Current catalyst per oil ratio already gave maximum gasoline production, and pump flow of HBW could not changed due to steam balance in the unit. Hence, catalyst per oil ratio shall be fixed at 8 and rated flow of HBW pump is 125 Ton/h. In order to maintain the heat balance in regenerator-reactor, the yeid of Coke shall be minimum at 9.7.

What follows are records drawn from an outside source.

Definition c_reversible {C : numClosedFieldType} {n : nat} (g : 'M[C]_n) : Prop :=
  exists h : 'M[C]_n, in_SL h /\ h *m g *m invmx h = invmx (conj_mx g).

Definition has_jordan_form {C : numClosedFieldType} {n k : nat} (A : 'M[C]_n)
  (lam : 'I_k -> C) (m : 'I_k -> nat) : Prop :=
  (forall i, (0 < m i)%N) /\
  exists hn : (\sum_(i < k) m i)%N = n,
  exists P : 'M[C]_n, P \in unitmx /\
    P *m A *m invmx P =
      castmx (hn, hn) (\mxdiag_(i < k) jordan_block (lam i) (m i)).

From HB Require Import structures.
From mathcomp Require Import all_boot all_order all_algebra.
From mathcomp Require Import complex.
From mathcomp Require Import reals.
From mathcomp Require Import fingroup perm zify.
Set Implicit Arguments. Unset Strict Implicit. Unset Printing Implicit Defensive.
Import Order.TTheory GRing.Theory Num.Theory.
Local Open Scope ring_scope.

(* Over an algebraically closed field a conjugating matrix can be rescaled to
   determinant 1, so A is c-reversible iff A is similar to (conj A)^-1.  If J
   is the Jordan form of A, then (conj A)^-1 is similar to J with every block
   J(l, m) replaced by J(conj(l)^-1, m), because J(c, m)^-1 - c^-1 is
   nilpotent of maximal index.  Two Jordan matrices with the same block sizes
   are similar iff each pair (eigenvalue, size) occurs equally often in both:
   the ranks of (J - mu)^p determine these counts, and conversely equal counts
   give a permutation of the blocks.  Finally, the multiset of pairs
   (l_i, m_i) is invariant under l |-> conj(l)^-1, an involution whose fixed
   points are the unimodular numbers, iff the blocks split into fixed
   singletons and swapped pairs. *)

Section Similarity.
Variable F : fieldType.
Implicit Types (n : nat).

Hence, only regenerator temperature and Total dry air regenerator have possibility to adjust and the equation now became :
8.4 = 1.802e-02 * Regenerator_Temperature - 1.122e-05 * Total_Dry_Air_to_Regenerator
if normal operating temperature of regenerator 750 degC and the material limitation of regenerator is 850 degC, what is the total dry air to regenerator shall be set by the operator ? at 750 degC, the total dry air flow shall be 456256.68 kg/h and while at 850 degC the total dry air flow shall be maximum at 616862.75 kg/h.